### Work order:
Would you please copy each line of the data in which the string "Definition" occurs?

### Provided material:
%%
(* Conjugating the diagonal matrix of the pairwise distinct theta_j by their
   Vandermonde matrix gives the companion matrix of f = prod_j (X - theta_j),
   so it suffices that the coefficients of f lie in Z[omega].  With
   theta_j = zeta^(c j^2), every coefficient of f is P(zeta) for an integer
   polynomial P, and P(zeta^(d^2)) = P(zeta) for d <> 0 mod p, because
   j |-> +-dj permutes the squares.  The only rational relation between
   1, zeta, ..., zeta^(p-1) is that they sum to 0, so once the exponents of P
   are folded mod p its coefficients are constant on the nonzero squares and
   on the non-squares: P(zeta) is an integral combination of 1 and the Gauss
   period eta = sum_(j=1..r) zeta^(j^2).  Finally 1 + 2 eta is the quadratic
   Gauss sum, whose square is +-p; as the square of an odd algebraic integer
   it is 1 mod 4, hence equals eps p, and eta is omega - 1 or -omega. *)

Section ZOmega.
Variable p : nat.

Lemma Zomega_int (m : int) : in_Z_omega p m%:~R.
Proof. by exists m%:P; rewrite map_polyC hornerC. Qed.

Lemma Zomega_nat (m : nat) : in_Z_omega p m%:R.
Proof. exact: (Zomega_int m). Qed.

Lemma Zomega_omega : in_Z_omega p (omega p).
Proof. by exists 'X; rewrite map_polyX hornerX. Qed.

Lemma Zomega_add x y : in_Z_omega p x -> in_Z_omega p y -> in_Z_omega p (x + y).
Proof. by move=> [P ->] [Q ->]; exists (P + Q); rewrite rmorphD hornerD. Qed.

Lemma Zomega_opp x : in_Z_omega p x -> in_Z_omega p (- x).
Proof. by move=> [P ->]; exists (- P); rewrite rmorphN hornerN. Qed.

Lemma Zomega_sub x y : in_Z_omega p x -> in_Z_omega p y -> in_Z_omega p (x - y).
Proof. by move=> Zx /Zomega_opp; apply: Zomega_add. Qed.

Lemma Zomega_mul x y : in_Z_omega p x -> in_Z_omega p y -> in_Z_omega p (x * y).
Proof. by move=> [P ->] [Q ->]; exists (P * Q); rewrite rmorphM hornerM. Qed.

End ZOmega.

Section VandermondeConjugation.
Variables (F : fieldType) (n : nat) (th : 'I_n.+1 -> F).
Hypothesis th_inj : injective th.

Let V : 'M[F]_n.+1 := \matrix_(j, k) (th j ^+ k).
Let D : 'M[F]_n.+1 := \matrix_(j, k) (th j *+ (j == k)).

Definition root_poly : {poly F} := \prod_(j < n.+1) ('X - (th j)%:P).

(* The transpose of [companionmx root_poly]. *)
Definition companion_col_mx : 'M[F]_n.+1 :=
  \matrix_(i, k) (if k == ord_max then - root_poly`_i else (i == k.+1 :> nat)%:R).

Lemma vandermonde_unitmx : V \in unitmx.
Proof.
have -> : V = (Vandermonde n.+1 (\row_j th j))^T by apply/matrixP => j k; rewrite !mxE.
rewrite unitmx_tr unitmxE det_Vandermonde unitfE.
apply/prodf_neq0 => i _; apply/prodf_neq0 => j lt_ij; rewrite !mxE subr_eq0.
by apply: contraTneq lt_ij => /th_inj ->; rewrite ltnn.
Qed.

Lemma size_root_poly : size root_poly = n.+2.
Proof. by rewrite size_prod_XsubC /index_enum unlock -enumT size_enum_ord. Qed.

Lemma root_poly_lead_coef : root_poly`_n.+1 = 1.
Proof.
by have /monicP := monic_prod_XsubC (index_enum 'I_n.+1) predT th; rewrite /lead_coef size_root_poly.
Qed.

Lemma root_poly_root j : root_poly.[th j] = 0.
Proof. by rewrite horner_prod (bigD1 j) //= hornerXsubC subrr mul0r. Qed.

Lemma vandermonde_companion : V *m companion_col_mx = D *m V.
Proof.
apply/matrixP => j k; rewrite !mxE [RHS](bigD1 j) //= [X in _ = _ + X]big1; last first.
  by move=> i ij; rewrite !mxE eq_sym (negbTE ij) mulr0n mul0r.
rewrite !mxE eqxx mulr1n addr0 -exprS.
have [->|k_max] := eqVneq k ord_max.
  have /eqP := root_poly_root j.
  rewrite horner_coef size_root_poly big_ord_recr /= root_poly_lead_coef mul1r.
  rewrite addr_eq0 => /eqP e; rewrite -[RHS]opprK -e -sumrN; apply: eq_bigr => i _.
  by rewrite !mxE eqxx mulrN mulrC.
have lt_k1 : (k.+1 < n.+1)%N.
  by move: k_max; rewrite -val_eqE /= ltnS ltn_neqAle -ltnS ltn_ord andbT.
rewrite (bigD1 (Ordinal lt_k1)) //= big1 ?addr0 => [|i ik].
  by rewrite !mxE (negbTE k_max) eqxx mulr1.
rewrite !mxE (negbTE k_max); case: eqP => [ik1|]; last by rewrite mulr0.
by move: ik; rewrite -val_eqE /= ik1 eqxx.
Qed.

Lemma vandermonde_conj_diag : invmx V *m D *m V = companion_col_mx.
Proof.
by rewrite -mulmxA -vandermonde_companion mulmxA mulVmx ?mul1mx // vandermonde_unitmx.
Qed.

End VandermondeConjugation.

Lemma dvdp_size_scale (F : fieldType) (f q : {poly F}) :
  f != 0 -> f %| q -> (size q <= size f)%N -> exists k, q = k *: f.
Proof.
move=> f_neq0 f_dvd_q size_q; exists (q %/ f)`_0.
rewrite -mul_polyC -[LHS](divpK f_dvd_q); congr (_ * _).
by apply: size1_polyC; rewrite size_divp // leq_subLR addn1 prednK ?size_poly_gt0.
Qed.

Section AdditiveCharacter.
Variable p : nat.
Hypothesis pr_p : prime p.

Local Notation z := (zeta p).

Lemma zeta_prim : p.-primitive_root z.
Proof.
have p_gt0 := prime_gt0 pr_p; have p_gt1 := prime_gt1 pr_p.
have zp : z ^+ p = 1 by rewrite /zeta exprAC rootCK // sqrrN expr1n.
have [m z_m m_p] := prim_order_exists p_gt0 zp.
case/primeP: pr_p => _ /(_ m m_p) /orP[] /eqP m_eq; last by rewrite m_eq in z_m.
have := prim_expr_order z_m; rewrite m_eq expr1 /zeta => /eqP.
rewrite sqrf_eq1 => /orP[] /eqP root1.
  have := rootCK p_gt0 (-1 : algC); rewrite root1 expr1n => /eqP.
  by rewrite -addr_eq0 -[1 + 1]/(2%:R : algC) pnatr_eq0.
by have := rootC_lt0 (-1 : algC) p_gt1; rewrite root1 ltrN10.
Qed.

Lemma Fp_val_lt (x : 'F_p) : (x < p)%N.
Proof. by rewrite -{2}(Fp_cast pr_p) ltn_ord. Qed.

Definition psi (x : 'F_p) : algC := z ^+ x.

Lemma psi_nat m : psi m%:R = z ^+ m.
Proof. by rewrite /psi val_Fp_nat // (prim_expr_mod zeta_prim). Qed.

Lemma psi0 : psi 0 = 1.
Proof. exact: expr0. Qed.

Lemma psi1 : psi 1 = z.
Proof. by rewrite -[1]/(1%:R) psi_nat expr1. Qed.

Lemma psiD x y : psi (x + y) = psi x * psi y.
Proof. by rewrite -[x]natr_Zp -[y]natr_Zp -natrD !psi_nat exprD. Qed.

Lemma psiMn x m : psi (x * m%:R) = psi x ^+ m.
Proof. by rewrite -[x]natr_Zp -natrM !psi_nat exprM. Qed.

Lemma psi_neq0 x : psi x != 0.
Proof. by rewrite expf_neq0 // (prim_root_eq0 zeta_prim) -lt0n prime_gt0. Qed.

Lemma psiN x : psi (- x) = (psi x)^-1.
Proof. by apply: (mulfI (psi_neq0 x)); rewrite -psiD subrr psi0 mulfV ?psi_neq0. Qed.

Lemma psi_inj : injective psi.
Proof.
move=> x y /eqP; rewrite /psi (eq_prim_root_expr zeta_prim).
by rewrite !modn_small ?Fp_val_lt // => /eqP/val_inj.
Qed.

Lemma psi_Aint x : psi x \in Aint.
Proof. by rewrite rpredX // (Aint_prim_root zeta_prim). Qed.

Lemma psi_prim a : a != 0 -> p.-primitive_root (psi a).
Proof.
move=> a_neq0; rewrite prim_root_exp_coprime ?zeta_prim // coprime_sym prime_coprime //.
by apply: contra a_neq0; rewrite (dvdn_pcharf (pchar_Fp pr_p)) natr_Zp.
Qed.

Lemma zeta_exprz (m : int) : z ^ m = psi m%:~R.
Proof.
case: m => k; first exact: (esym (psi_nat k)).
by rewrite NegzE rmorphN psiN psi_nat -exprnN.
Qed.

Lemma sum_psi : \sum_(x : 'F_p) psi x = 0.
Proof.
have shift : \sum_(x : 'F_p) psi x = z * \sum_(x : 'F_p) psi x.
  rewrite [LHS](reindex_inj (addrI 1)) mulr_sumr /=.
  by apply: eq_bigr => x _; rewrite psiD psi1.
have /eqP : (1 - z) * \sum_(x : 'F_p) psi x = 0 by rewrite mulrBl mul1r -shift subrr.
rewrite mulf_eq0 subr_eq0 => /orP[/eqP z1|/eqP //].
have := prim_order_dvd zeta_prim 1; rewrite expr1 -z1 eqxx.
by rewrite dvdn1 gtn_eqF ?prime_gt1.
Qed.

Lemma sum_psiM a : \sum_(x : 'F_p) psi (a * x) = if a == 0 then p%:R else 0.
Proof.
have [->|a_neq0] := eqVneq a 0.
  by under eq_bigr do rewrite mul0r psi0; rewrite sumr_const card_Fp.
by rewrite -[0 in RHS](sum_psi) [in RHS](reindex_inj (mulfI a_neq0)).
Qed.

Lemma sumFp_nat (V : nmodType) (G : nat -> V) : \sum_(x : 'F_p) G x = \sum_(i < p) G i.
Proof. by rewrite -(big_mkord xpredT G) Fp_cast // big_mkord. Qed.

Definition Fp_fun_poly (w : 'F_p -> int) : {poly rat} := \poly_(i < p) (w i%:R)%:~R.

Lemma Fp_fun_poly_root (a : 'F_p) (w : 'F_p -> int) :
  \sum_x (w x)%:~R * psi (a * x) = 0 -> root (map_poly ratr (Fp_fun_poly w)) (psi a).
Proof.
move=> w_rel; rewrite /root (horner_coef_wide _ (n := p)); last first.
  by rewrite size_map_poly size_poly.
rewrite -(sumFp_nat (fun i => _`_i * psi a ^+ i)) -[X in _ == X]w_rel; apply/eqP/eq_bigr => x _.
by rewrite coef_map coef_poly Fp_val_lt /= rmorph_int natr_Zp -psiMn natr_Zp.
Qed.

Lemma sum_psi_eq0_const (a : 'F_p) (w : 'F_p -> int) : a != 0 ->
  \sum_x (w x)%:~R * psi (a * x) = 0 -> forall x, w x = w 0.
Proof.
move=> a_neq0 w_rel.
have [f [minE _] f_dvd] := minCpolyP (psi a).
have size_f : size f = p.
  rewrite -(size_map_poly (@ratr algC)) -minE (minCpoly_cyclotomic (psi_prim a_neq0)).
  by rewrite size_cyclotomic totient_prime // prednK // prime_gt0.
have f_neq0 : f != 0 by rewrite -size_poly_eq0 size_f -lt0n prime_gt0.
(* Every relation is a multiple of the minimal polynomial of [psi a], of size p,
   hence proportional to the relation with all weights 1. *)
have scaled v : \sum_x (v x)%:~R * psi (a * x) = 0 ->
    exists k, forall i, (i < p)%N -> (v i%:R)%:~R = k * f`_i.
  move/Fp_fun_poly_root; rewrite f_dvd => /dvdp_size_scale[//||k vE].
    by rewrite size_f size_poly.
  by exists k => i lt_ip; rewrite -coefZ -vE coef_poly lt_ip.
have [k wE] := scaled w w_rel.
have [k' oneE] : exists k', forall i, (i < p)%N -> 1 = k' * f`_i.
  have [|k' oneE] := scaled (fun=> 1%Z); last by exists k' => i /oneE; rewrite rmorph1.
  by under eq_bigr do rewrite rmorph1 mul1r; rewrite sum_psiM (negbTE a_neq0).
have k'_neq0 : k' != 0.
  by apply: contra_eq_neq (oneE 0%N (prime_gt0 pr_p)) => ->; rewrite mul0r oner_neq0.
have constE i : (i < p)%N -> ((w i%:R)%:~R : rat) = k / k'.
  by move=> lt_ip; rewrite wE // -[k in RHS]mulr1 (oneE i lt_ip) mulrCA mulrAC divff // mul1r.
move=> x; apply: (@intr_inj rat); rewrite -[x]natr_Zp constE ?Fp_val_lt //.
by rewrite -(constE 0%N) ?prime_gt0.
Qed.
%%
### Expected output:
Definition root_poly : {poly F} := \prod_(j < n.+1) ('X - (th j)%:P).
Definition companion_col_mx : 'M[F]_n.+1 :=
Definition psi (x : 'F_p) : algC := z ^+ x.
Definition Fp_fun_poly (w : 'F_p -> int) : {poly rat} := \poly_(i < p) (w i%:R)%:~R.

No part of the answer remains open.